Dopo il rally di oltre il 30% da inizio anno, i prezzi del petrolio potrebbero strappare verso l’alto nelle prossime settimane. Infatti, tutta una serie di fattori rialzisti sul fronte dell’offerta, potrebbe spingere i prezzi ancora più in alto rispetto ai livelli attuali.
L’evoluzione di diversi eventi geopolitici nelle prossime settimane, potrebbe far volare il petrolio. Inoltre, in un contesto di restringimento dell’offerta globale, i prezzi saranno assai vulnerabili a qualsiasi improvvisa interruzione degli approvvigionamenti.
Libia, Iran o Venezuela. Dove si accenderà la miccia dei nuovi rialzi?
Gli esperti hanno avvertito che il mercato petrolifero rischia gravi interruzioni dal lato dell’offerta. La crisi potrebbe scatenarsi o in Iran o in Venezuela o in Libia.
Qualcuno teme soprattutto quello che succederà in Libia, dove il il generale Khalifa Haftar ha ordinato al suo esercito (Libyan National Army) di marciare sulla capitale Tripoli. Il sedicente esercito si è scontrato con le truppe del governo appoggiato dall’ONU e il confronto armato potrebbe degenerare e interrompere, ancora una volta, la produzione petrolifera e le esportazioni della Libia.

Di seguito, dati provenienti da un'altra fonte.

(* Fix a real constant $c>-1$, let $\alpha\to\infty$ and put $\beta=\alpha-c$ (so that $\alpha>\beta-1>0$ for all sufficiently large $\alpha$). Then \[ \lim_{\alpha\to\infty}\alpha^{\frac{c+1}{2}}\,I(\alpha,\beta)=6^{\frac{c+1}{2}}\,\Gamma\!\left(\frac{c+1}{2}\right). \] In particular, \[ \lim_{\alpha\to\infty}\sqrt{\alpha}\,I(\alpha,\alpha)=\sqrt{6\pi}. \]
   Context: For real $\alpha,\beta$ with $\alpha>\beta-1>0$, $I(\alpha,\beta)=\int_{-\infty}^{\infty}|\sin t|^{\alpha}|t|^{-\beta}\,dt$; $\Gamma$ denotes the gamma function. *)

From Stdlib Require Import Reals Lra.
Open Scope R_scope.

(* Real power x^a for x >= 0 and a > 0, with the convention 0^a = 0
   (Stdlib's Rpower 0 a = exp (a * ln 0) = 1, which is wrong here). *)
Definition rpow0 (x a : R) : R := if Req_EM_T x 0 then 0 else Rpower x a.

Definition is_RInt (f : R -> R) (a b v : R) : Prop :=
  exists pr : Riemann_integrable f a b, RiemannInt pr = v.

Definition is_improper_int_pos (f : R -> R) (l : R) : Prop :=
  forall eps : R, 0 < eps ->
  exists d M0 : R, 0 < d /\ 0 < M0 /\
  forall e M : R, 0 < e < d -> M0 < M ->
  exists v : R, is_RInt f e M v /\ Rabs (v - l) < eps.

(* Improper integral over the whole real line (singular points allowed at 0
   and at +-oo): int_{-oo}^{oo} f = int_0^oo f(t) dt + int_0^oo f(-t) dt. *)
Definition is_improper_int_R (f : R -> R) (l : R) : Prop :=
  exists l1 l2 : R,
    is_improper_int_pos f l1 /\ is_improper_int_pos (fun t => f (- t)) l2 /\
    l = l1 + l2.

Definition I_integrand (alpha beta : R) (t : R) : R :=
  rpow0 (Rabs (sin t)) alpha * Rpower (Rabs t) (- beta).

Definition is_I (alpha beta v : R) : Prop :=
  is_improper_int_R (I_integrand alpha beta) v.

Definition is_Gamma (s G : R) : Prop :=
  is_improper_int_pos (fun t => Rpower t (s - 1) * exp (- t)) G.

From Stdlib Require Import Reals Lra FunctionalExtensionality.
From Coquelicot Require Import Coquelicot.
Open Scope R_scope.

(* For [0 < t <= 1], [ln (sin t / t) = - t^2/6 + O(t^4)], so the integrand
   [|sin t|^a t^(c-a) = t^c exp (a ln (sin t / t))] differs from the Gaussian
   [t^c exp (- a t^2 / 6)] by at most [t^c (exp (a t^4 / 18) - 1)] on [(0, tau]],
   with [tau^2 = 6 X / a]; beyond [tau] both are dominated by [t^c exp (- a t^2 / 12)],
   and beyond [1] the bound [|sin t| <= 17 t / 20] makes the integrand at most
   [exp (- 3 a / 40) t^(c - a/2)].  The substitution [x = a t^2 / 6] turns the
   Gaussian integral into [Gamma (s) (6/a)^s / 2] with [s = (c+1)/2], and after
   scaling by [2 a^s] the three errors are [O(X^2/a)], [O(1/X)] and [O(1/a)]:
   choosing [X] and then [a] large gives the limit.  For [c = 0],
   [Gamma (1/2) = sqrt PI] follows from the Gaussian integral, which in turn comes
   from the vanishing derivative of
   [(int_0^x exp (-t^2))^2 + int_0^1 exp (- x^2 (1 + t^2)) / (1 + t^2) dt]. *)

Lemma continuous_R_of_ex_derive (f : R -> R) x : ex_derive f x -> continuous f x.
Proof. apply (ex_derive_continuous (K := R_AbsRing) (V := R_NormedModule)). Qed.

Lemma continuous_R_mult (f g : R -> R) x :
  continuous f x -> continuous g x -> continuous (fun y => f y * g y) x.
Proof. exact (@continuous_mult R_UniformSpace R_AbsRing f g x). Qed.

Lemma continuous_R_comp (f g : R -> R) x :
  continuous f x -> continuous g (f x) -> continuous (fun y => g (f y)) x.
Proof. exact (@continuous_comp R_UniformSpace R_UniformSpace R_UniformSpace f g x). Qed.

Lemma Rpower_pos x p : 0 < Rpower x p.
Proof. apply exp_pos. Qed.

Lemma Rpower_0_r x : Rpower x 0 = 1.
Proof. unfold Rpower. rewrite Rmult_0_l. apply exp_0. Qed.

Lemma Rpower_1_l p : Rpower 1 p = 1.
Proof. unfold Rpower. rewrite ln_1, Rmult_0_r. apply exp_0. Qed.

Lemma Rpower_div x y p : 0 < x -> 0 < y -> Rpower (x / y) p = Rpower x p * Rpower y (- p).
Proof.
  intros Hx Hy. unfold Rpower, Rdiv. rewrite ln_mult, ln_Rinv by (auto using Rinv_0_lt_compat).
  rewrite <- exp_plus. f_equal. ring.
Qed.

Lemma Rpower_pow2 t q : 0 < t -> Rpower (t ^ 2) q = Rpower t (2 * q).
Proof. intros Ht. unfold Rpower. rewrite ln_pow by exact Ht. f_equal. simpl. ring. Qed.

Lemma ex_derive_Rpower q x : 0 < x -> ex_derive (fun t => Rpower t q) x.
Proof. intros Hx. exists (q * Rpower x (q - 1)). now apply is_derive_Reals, derivable_pt_lim_power. Qed.

Definition continuous_pos (f : R -> R) := forall t, 0 < t -> continuous f t.

Lemma Rmin_pos_le a b x : 0 < a -> 0 < b -> Rmin a b <= x -> 0 < x.
Proof. intros Ha Hb H. pose proof (Rmin_glb_lt a b 0 Ha Hb). lra. Qed.

Lemma ex_RInt_continuous_pos f a b : continuous_pos f -> 0 < a -> 0 < b -> ex_RInt f a b.
Proof.
  intros Hf Ha Hb. apply (ex_RInt_continuous (V := R_CompleteNormedModule)).
  intros z [Hz _]. apply Hf. exact (Rmin_pos_le a b z Ha Hb Hz).
Qed.

Lemma continuous_pos_Rpower q : continuous_pos (fun t => Rpower t q).
Proof. intros t Ht. now apply continuous_R_of_ex_derive, ex_derive_Rpower. Qed.

Lemma continuous_pos_scal k (f : R -> R) : continuous_pos f -> continuous_pos (fun t => k * f t).
Proof.
  intros Hf t Ht. apply continuous_R_mult; [apply continuous_const | now apply Hf].
Qed.

Lemma RInt_Chasles_R (f : R -> R) a b c :
  ex_RInt f a b -> ex_RInt f b c -> RInt f a b + RInt f b c = RInt f a c.
Proof. exact (RInt_Chasles f a b c). Qed.

Lemma RInt_ext_R (f g : R -> R) a b :
  (forall x, Rmin a b < x < Rmax a b -> f x = g x) -> RInt f a b = RInt g a b.
Proof. exact (RInt_ext f g a b). Qed.

Lemma RInt_scal_R (f : R -> R) a b k : ex_RInt f a b -> RInt (fun x => k * f x) a b = k * RInt f a b.
Proof. exact (RInt_scal (V := R_CompleteNormedModule) f a b k). Qed.

Lemma RInt_le_pos (f g : R -> R) a b : 0 < a -> a <= b -> continuous_pos f -> continuous_pos g ->
  (forall x, a < x < b -> f x <= g x) -> RInt f a b <= RInt g a b.
Proof. intros Ha Hab Hf Hg H. apply RInt_le; auto; apply ex_RInt_continuous_pos; auto; lra. Qed.

Lemma RInt_ge0_pos (f : R -> R) a b : 0 < a -> a <= b -> continuous_pos f ->
  (forall x, 0 < x -> 0 <= f x) -> 0 <= RInt f a b.
Proof.
  intros Ha Hab Hf H. apply RInt_ge_0; [lra | apply ex_RInt_continuous_pos; auto; lra |].
  intros x Hx. apply H. lra.
Qed.

Lemma RInt_Rpower q a b : 0 < a -> 0 < b -> q + 1 <> 0 ->
  RInt (fun t => Rpower t q) a b = (Rpower b (q + 1) - Rpower a (q + 1)) / (q + 1).
Proof.
  intros Ha Hb Hq. apply is_RInt_unique.
  replace ((Rpower b (q + 1) - Rpower a (q + 1)) / (q + 1))
    with (minus (/ (q + 1) * Rpower b (q + 1)) (/ (q + 1) * Rpower a (q + 1)))
    by (unfold minus, plus, opp; simpl; field; exact Hq).
  apply (is_RInt_derive (V := R_CompleteNormedModule) (fun t => / (q + 1) * Rpower t (q + 1))).
  - intros x [Hx _]. pose proof (Rmin_pos_le a b x Ha Hb Hx) as Hx0.
    replace (Rpower x q) with (/ (q + 1) * ((q + 1) * Rpower x (q + 1 - 1)))
      by (replace (q + 1 - 1) with q by ring; field; exact Hq).
    apply is_derive_scal, is_derive_Reals, derivable_pt_lim_power, Hx0.
  - intros x [Hx _]. exact (continuous_pos_Rpower q x (Rmin_pos_le a b x Ha Hb Hx)).
Qed.

Lemma RInt_Rpower_le q e b : 0 < e -> e <= b -> 0 < q + 1 ->
  RInt (fun t => Rpower t q) e b <= Rpower b (q + 1) / (q + 1).
Proof.
  intros He Heb Hq. rewrite RInt_Rpower by lra. pose proof (Rpower_pos e (q + 1)).
  unfold Rdiv. apply Rmult_le_compat_r; [left; now apply Rinv_0_lt_compat | lra].
Qed.

(** * Improper integrals over (0, oo) *)

(* [is_improper_int_pos] with Coquelicot's total [RInt] in place of integrability witnesses. *)
Definition is_RInt_0_oo (f : R -> R) (l : R) : Prop :=
  forall eps : R, 0 < eps ->
  exists d M0 : R, 0 < d /\
  forall e M : R, 0 < e < d -> M0 < M -> Rabs (RInt f e M - l) < eps.

Lemma is_improper_int_pos_of_RInt_0_oo f l :
  continuous_pos f -> is_RInt_0_oo f l -> is_improper_int_pos f l.
Proof.
  intros Hf H eps Heps. destruct (H eps Heps) as [d [M0 [Hd HM]]].
  exists d, (Rmax M0 1). split; [exact Hd | split; [pose proof (Rmax_r M0 1); lra |]].
  intros e M He HM0. pose proof (Rmax_l M0 1). pose proof (Rmax_r M0 1).
  assert (Hex : ex_RInt f e M) by (apply ex_RInt_continuous_pos; auto; lra).
  exists (RInt f e M). split; [| apply HM; auto; lra].
  exists (ex_RInt_Reals_0 f e M Hex). symmetry. apply RInt_Reals.
Qed.

Lemma is_RInt_0_oo_of_improper f l : is_improper_int_pos f l -> is_RInt_0_oo f l.
Proof.
  intros H eps Heps. destruct (H eps Heps) as [d [M0 [Hd [_ HM]]]].
  exists d, M0. split; [exact Hd |]. intros e M He HM0.
  destruct (HM e M He HM0) as [v [[pr Hv] Hl]].
  rewrite (RInt_Reals f e M pr), Hv. exact Hl.
Qed.

Lemma is_RInt_0_oo_dist f g l m r :
  is_RInt_0_oo f l -> is_RInt_0_oo g m ->
  (exists d M0, 0 < d /\ forall e M, 0 < e < d -> M0 < M -> Rabs (RInt f e M - RInt g e M) <= r) ->
  Rabs (l - m) <= r.
Proof.
  intros Hf Hg [d [M0 [Hd Hfg]]]. apply Rle_plus_epsilon. intros eps Heps.
  destruct (Hf (eps / 2) ltac:(lra)) as [d1 [M1 [Hd1 H1]]].
  destruct (Hg (eps / 2) ltac:(lra)) as [d2 [M2 [Hd2 H2]]].
  set (e := Rmin d (Rmin d1 d2) / 2). set (M := Rmax M0 (Rmax M1 M2) + 1).
  assert (He : 0 < Rmin d (Rmin d1 d2)) by (repeat apply Rmin_glb_lt; auto).
  pose proof (Rmin_l d (Rmin d1 d2)). pose proof (Rmin_r d (Rmin d1 d2)).
  pose proof (Rmin_l d1 d2). pose proof (Rmin_r d1 d2).
  pose proof (Rmax_l M0 (Rmax M1 M2)). pose proof (Rmax_r M0 (Rmax M1 M2)).
  pose proof (Rmax_l M1 M2). pose proof (Rmax_r M1 M2).
  specialize (H1 e M ltac:(unfold e; lra) ltac:(unfold M; lra)).
  specialize (H2 e M ltac:(unfold e; lra) ltac:(unfold M; lra)).
  specialize (Hfg e M ltac:(unfold e; lra) ltac:(unfold M; lra)).
  replace (l - m) with (- (RInt f e M - l) + (RInt f e M - RInt g e M) + (RInt g e M - m)) by ring.
  eapply Rle_trans; [apply Rabs_triang|]. rewrite <- (Rabs_Ropp (RInt f e M - l)) in H1.
  pose proof (Rabs_triang (- (RInt f e M - l)) (RInt f e M - RInt g e M)). lra.
Qed.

Ma non c’è da star tranquilli neanche per quanto sta accadendo in Iran. Le sanzioni statunitensi contro il petrolio iraniano potrebbero presto coinvolgere anche chi compra petrolio dall’Iran, compresi paesi fino ad oggi esentati. Tra questi anche l’Italia.
Dall’altra parte del mondo, in Venezuela, gli Stati Uniti stanno rafforzando progressivamente le sanzioni contro il regime di Nicolas Maduro. Queste sanzioni, sommate a quelle contro l’Iran e alla guerra civile in Libia, rischiano di far esplodere i prezzi del petrolio. Per evitare questa possibilità, gli Stati Uniti potrebbero decidere di allentare le sanzioni.
Il grosso rischio di un picco dei prezzi
Secondo Bank of America Merrill Lynch, il rischio di un picco del prezzo del greggio è significativamente più alto di quanto suggeriscono i mercati finanziari. La crescita di quasi il 40% del petrolio dal minimo di dicembre ha permesso sia al WTI che al Brent di recuperare parte delle perdite registrate tra ottobre e dicembre dello scorso anno.
Inoltre, l’Arabia Saudita e molti altri produttori dell’OPEC hanno bisogno di prezzi del petrolio superiori agli 80 dollari al barile e difficilmente si accontenteranno di soli 70 dollari al barile (oggi, 26 aprile, il Brent quota 71,58 dollari).
Come dice il Commodity Strategy di Saxo Bank, in un simile contesto, l’offerta di petrolio nei prossimi mesi sarà bassa, mantenendo la spinta verso prezzi più alti, almeno fino a quando le preoccupazioni circa l’impatto negativo sulla crescita globale non avranno il sopravvento.